We explore whether surgical manipulation tasks can be learned on the da Vinci robot via imitation learning. However, the da Vinci system presents unique challenges which hinder straight-forward implementation of imitation learning. Notably, its forward kinematics is inconsistent due to imprecise joint measurements, and naively training a policy using such approximate kinematics data often leads to task failure. To overcome this limitation, we introduce a relative action formulation which enables successful policy training and deployment using its approximate kinematics data. A promising outcome of this approach is that the large repository of clinical data, which contains approximate kinematics, may be directly utilized for robot learning without further corrections. We demonstrate our findings through successful execution of three fundamental surgical tasks, including tissue manipulation, needle handling, and knot-tying.
Paper Structure (15 sections, 7 figures, 4 tables)

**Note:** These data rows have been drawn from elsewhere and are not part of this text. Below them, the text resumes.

(* Consider $N$ sellers $i=1,\dots,N$ over a time horizon $[0,H]$, a reserve-utility function $\underline{R}:[0,H]\to\mathbb{R}$, and selection functions $f_i:\mathbb{R}^N\times\mathbb{R}\to\mathbb{R}$. Each seller $i$ has true-metric functions $e_i^T,e_i^C:[0,H]\to\mathbb{R}$ and estimated-score functions $\hat e_i^T,\hat e_i^C:[0,H]\to\mathbb{R}$, where we allow $e_i^T\neq e_i^C$ and $\hat e_i^T\ne\hat e_i^C$. In the counterfactual interleaving experiment without feedback loops (defined in the context), let each seller be independently assigned to the treatment group $\mathcal{T}$ with probability $p\in(0,1)$ and otherwise to the control group $\mathcal{C}$. Then $\mathbb{E}[\widehat{GTE}]=\mathrm{GTE}$, where the expectation is over the random assignment.
   Context: Setting without feedback loops: ranking scores equal estimated scores. Global treatment regime: $r_i^{GT}(t)=\hat e_i^T(t)$, $I_i^{GT}(t)=\mathbb{I}\{f_i(r_1^{GT}(t),\dots,r_N^{GT}(t),\underline{R}(t))\ge0\}$, $O_i^{GT}(t)=I_i^{GT}(t)e_i^T(t)$. Global control regime: the same with $\hat e_i^C,e_i^C$, giving $O_i^{GC}$. $\mathrm{GTE}=\frac1N\sum_{i=1}^N\int_0^H(O_i^{GT}(t)-O_i^{GC}(t))dt$. Counterfactual interleaving experiment: given a disjoint partition $\{1,\dots,N\}=\mathcal{T}\cup\mathcal{C}$, two rankings are computed for all sellers, $r_j^T(t)=\hat e_j^T(t)$ and $r_j^C(t)=\hat e_j^C(t)$ for all $j=1,\dots,N$; for $i\in\mathcal{T}$, $I_i^T(t)=\mathbb{I}\{f_i(r_1^T(t),\dots,r_N^T(t),\underline{R}(t))\ge0\}$ and $O_i^T(t)=I_i^T(t)e_i^T(t)$; for $i\in\mathcal{C}$, $I_i^C(t)=\mathbb{I}\{f_i(r_1^C(t),\dots,r_N^C(t),\underline{R}(t))\ge0\}$ and $O_i^C(t)=I_i^C(t)e_i^C(t)$ (position conflicts between the two rankings are ignored). The estimator is $\widehat{GTE}=\frac{1}{Np}\sum_{i\in\mathcal{T}}\int_0^H O_i^T(t)dt-\frac{1}{N(1-p)}\sum_{i\in\mathcal{C}}\int_0^H O_i^C(t)dt$. *)

From HB Require Import structures.
From mathcomp Require Import all_boot all_order all_algebra.
From mathcomp Require Import all_classical all_reals all_analysis.
Set Implicit Arguments. Unset Strict Implicit. Unset Printing Implicit Defensive.
Import Order.TTheory GRing.Theory Num.Theory.
Local Open Scope classical_set_scope.
Local Open Scope ring_scope.

Section Interleaving.
Variables (R : realType) (N : nat).

Definition int_H (H : R) (g : R -> R) : R :=
  Rintegral (@lebesgue_measure R) `[0, H] g.

Definition ranking (ehat : 'I_N -> R -> R) (t : R) : 'rV[R]_N :=
  \row_j ehat j t.

Definition sel_ind (f : 'I_N -> 'rV[R]_N -> R -> R) (Rres : R -> R)
  (ehat : 'I_N -> R -> R) (i : 'I_N) (t : R) : R :=
  if 0 <= f i (ranking ehat t) (Rres t) then 1 else 0.

Definition O_global (f : 'I_N -> 'rV[R]_N -> R -> R) (Rres : R -> R) (ehat e : 'I_N -> R -> R) (i : 'I_N) (t : R) : R :=
  sel_ind f Rres ehat i t * e i t.

Definition GTE (H : R) (f : 'I_N -> 'rV[R]_N -> R -> R) (Rres : R -> R) (eT eC ehT ehC : 'I_N -> R -> R) : R :=
  N%:R^-1 * \sum_(i < N)
    int_H H (fun t => O_global f Rres ehT eT i t - O_global f Rres ehC eC i t).

(* Counterfactual interleaving: two rankings r^T, r^C computed for all
   sellers; treated seller i uses r^T and e^T, control seller uses r^C, e^C. *)
Definition O_treat (f : 'I_N -> 'rV[R]_N -> R -> R) (Rres : R -> R) (ehT eT : 'I_N -> R -> R) (i : 'I_N) (t : R) : R :=
  (if 0 <= f i (ranking ehT t) (Rres t) then 1 else 0) * eT i t.
Definition O_ctrl (f : 'I_N -> 'rV[R]_N -> R -> R) (Rres : R -> R) (ehC eC : 'I_N -> R -> R) (i : 'I_N) (t : R) : R :=
  (if 0 <= f i (ranking ehC t) (Rres t) then 1 else 0) * eC i t.

Definition GTE_hat (H p : R) (f : 'I_N -> 'rV[R]_N -> R -> R) (Rres : R -> R) (eT eC ehT ehC : 'I_N -> R -> R)
  (T : {set 'I_N}) : R :=
  (N%:R * p)^-1 * \sum_(i in T) int_H H (O_treat f Rres ehT eT i)
  - (N%:R * (1 - p))^-1 * \sum_(i in ~: T) int_H H (O_ctrl f Rres ehC eC i).

(* probability of assignment T when each seller independently is treated
   with probability p *)
Definition assign_prob (p : R) (T : {set 'I_N}) : R :=
  p ^+ #|T| * (1 - p) ^+ (N - #|T|).

Definition E_assign (p : R) (X : {set 'I_N} -> R) : R :=
  \sum_(T : {set 'I_N}) assign_prob p T * X T.

End Interleaving.

From HB Require Import structures.
From mathcomp Require Import all_boot all_order all_algebra.
From mathcomp Require Import all_classical all_reals all_analysis.
Import Order.TTheory GRing.Theory Num.Theory.
Local Open Scope ring_scope.

(** Independent assignment makes [assign_prob p] a product of Bernoulli
    weights, so [E_assign p] is linear and the membership [i \in T] of a
    single seller has mean [p].  Hence seller [i] contributes its treatment
    integral to the first sum of the estimator with probability [p] and its
    control integral to the second with probability [1 - p]; the factors
    [1/p] and [1/(1 - p)] undo exactly this, and what remains is the
    average over sellers of the difference of the two integrals, i.e. the
    GTE (the rankings of the interleaving experiment coincide with those of
    the global regimes, since there are no feedback loops). *)

Section RandomAssignment.
Variables (R : realType) (N : nat) (p : R).

Lemma assign_probE (T : {set 'I_N}) :
  assign_prob p T = \prod_j (if j \in T then p else 1 - p).
Proof.
rewrite /assign_prob (bigID (mem T)) /=.
rewrite (eq_bigr (fun _ => p)); last by move=> j ->.
rewrite [X in _ = _ * X](eq_bigr (fun _ => 1 - p)); last by move=> j /negbTE ->.
by rewrite !prodr_const -(addKn #|T| #|[predC T]|) cardC card_ord.
Qed.

Lemma eq_E_assign (X Y : {set 'I_N} -> R) :
  (forall T, X T = Y T) -> E_assign p X = E_assign p Y.
Proof. by move=> XY; apply: eq_bigr => T _; rewrite XY. Qed.

Lemma E_assignB (X Y : {set 'I_N} -> R) :
  E_assign p (fun T => X T - Y T) = E_assign p X - E_assign p Y.
Proof. by rewrite /E_assign -sumrB; apply: eq_bigr => T _; rewrite mulrBr. Qed.

Lemma E_assignZ (c : R) (X : {set 'I_N} -> R) :
  E_assign p (fun T => c * X T) = c * E_assign p X.
Proof. by rewrite /E_assign mulr_sumr; apply: eq_bigr => T _; rewrite mulrCA. Qed.

Lemma E_assign_sum (X : 'I_N -> {set 'I_N} -> R) :
  E_assign p (fun T => \sum_i X i T) = \sum_i E_assign p (X i).
Proof.
rewrite /E_assign exchange_big /=.
by apply: eq_bigr => T _; rewrite mulr_sumr.
Qed.

Lemma E_assign_prod (g : 'I_N -> bool -> R) :
  E_assign p (fun T => \prod_j g j (j \in T))
  = \prod_j (p * g j true + (1 - p) * g j false).
Proof.
rewrite bigA_distr; apply: eq_bigr => T _.
rewrite assign_probE -big_split /=.
by apply: eq_bigr => j _; case: (j \in T).
Qed.

Lemma E_assign_mem (i : 'I_N) (h : bool -> R) :
  E_assign p (fun T => h (i \in T)) = p * h true + (1 - p) * h false.
Proof.
pose g j b := if j == i then h b else 1.
transitivity (E_assign p (fun T => \prod_j g j (j \in T))).
  by apply: eq_E_assign => T; rewrite (bigD1 i) //= big1 ?mulr1 /g ?eqxx // => j /negbTE ->.
rewrite E_assign_prod (bigD1 i) //= big1 ?mulr1 /g ?eqxx // => j /negbTE ->.
by rewrite !mulr1 subrKC.
Qed.

Lemma E_assign_sum_weighted (h : bool -> R) (a : 'I_N -> R) :
  E_assign p (fun T => \sum_i h (i \in T) * a i)
  = (p * h true + (1 - p) * h false) * \sum_i a i.
Proof.
rewrite E_assign_sum mulr_sumr; apply: eq_bigr => i _.
transitivity (E_assign p (fun T => a i * h (i \in T))).
  by apply: eq_E_assign => T; rewrite mulrC.
by rewrite E_assignZ E_assign_mem mulrC.
Qed.

Lemma E_assign_sum_in (a : 'I_N -> R) :
  E_assign p (fun T => \sum_(i in T) a i) = p * \sum_i a i.
Proof.
have := E_assign_sum_weighted (fun b => b%:R) a.
rewrite mulr1 mulr0 addr0 => <-; apply: eq_E_assign => T.
by rewrite big_mkcond; apply: eq_bigr => i _; case: (i \in T); rewrite ?mul1r ?mul0r.
Qed.

Lemma E_assign_sum_notin (a : 'I_N -> R) :
  E_assign p (fun T => \sum_(i in ~: T) a i) = (1 - p) * \sum_i a i.
Proof.
have := E_assign_sum_weighted (fun b => (~~ b)%:R) a.
rewrite mulr0 mulr1 add0r => <-; apply: eq_E_assign => T.
rewrite big_mkcond; apply: eq_bigr => i _.
by rewrite inE; case: (i \in T); rewrite ?mul1r ?mul0r.
Qed.

End RandomAssignment.

Theorem proposition2 (R : realType) (N : nat) (H p : R)
  (Rres : R -> R) (f : 'I_N -> 'rV[R]_N -> R -> R)
  (eT eC ehT ehC : 'I_N -> R -> R) :
  (0 < N)%N -> 0 < p < 1 ->
  (forall i, (@lebesgue_measure R).-integrable `[0, H]
      (fun t => (O_global f Rres ehT eT i t)%:E)) ->
  (forall i, (@lebesgue_measure R).-integrable `[0, H]
      (fun t => (O_global f Rres ehC eC i t)%:E)) ->
  E_assign p (GTE_hat H p f Rres eT eC ehT ehC) = GTE H f Rres eT eC ehT ehC.
Proof.
move=> _ /andP[p_gt0 p_lt1] intT intC.
set A := fun i => int_H H (O_treat f Rres ehT eT i).
set B := fun i => int_H H (O_ctrl f Rres ehC eC i).
have -> : GTE H f Rres eT eC ehT ehC = N%:R^-1 * (\sum_i A i - \sum_i B i).
  rewrite /GTE -sumrB; congr (_ * _); apply: eq_bigr => i _.
  rewrite /int_H; apply: (RintegralB _ (intT i) (intC i)); exact: measurable_itv.
have p_neq0 : p != 0 by rewrite gt_eqF.
have q_neq0 : 1 - p != 0 by rewrite subr_eq0 gt_eqF.
rewrite /GTE_hat E_assignB !E_assignZ E_assign_sum_in E_assign_sum_notin.
by rewrite !invfM -!mulrA !mulKf // mulrBr.
Qed.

This paper contains 15 sections, 7 figures, 4 tables.

Figures (7)

  • Figure 1: (Left): The da Vinci Surgical Research Kit (dVRK) system is equipped with a surgical endoscope and wrist cameras. (Right): Three fundamental surgical tasks are learned, including lift tissue (i.e. tissue retraction), needle-pickup and handover, and knot-tying which are among the most common surgical tasks.
  • Figure 2: We propose a policy design which only takes images as input and outputs relative pose trajectories for both arms. Modeling policy actions as relative motion is a key ingredient that makes robot learning work on the dVRK.
  • Figure 3: The dVRK system consists of an endoscopic camera manipulator (ECM) and two patient side manipulators (PSM1, PSM2). Unfortunately, the dVRK arms are notorious for providing inconsistent forward kinematics. This is due to the setup joints (blue) only using potentiometers for joint measurements, which can be unrelible. The active joints (pink) use both potentiometers and motor encoders, improving precision.
  • Figure 4: We consider three options for modeling policy actions. (Left): Camera-centric approach models actions as absolute end-effector poses w.r.t the endoscope tip frame. (Middle): Tool-centric approach models actions as delta positions and delta rotations defined w.r.t the current end-effector frame. (Right): Hybrid relative approach models actions as delta positions defined w.r.t the endoscope tip frame and delta rotations defined w.r.t the current end-effector frame.
  • Figure 5: The repeatability of all action representations are tested by repeating a recorded reference trajectory under various robot configurations. (Left): The first column shows perfect reconstruction of the reference trajectory for all action representations since the robot joints have not moved since when the reference trajectory was collected. (Middle, Right) When the robot is shifted to the left or to the right, the camera-centric action representation fails to track the reference trajectory while the relative action representations track them quite closely. This is primarily due to the set-up joints being moved, which causes significant joint measurement errors. This experiment proves that in the presence of inconsistent joint measurements, relative motion can be more consistent.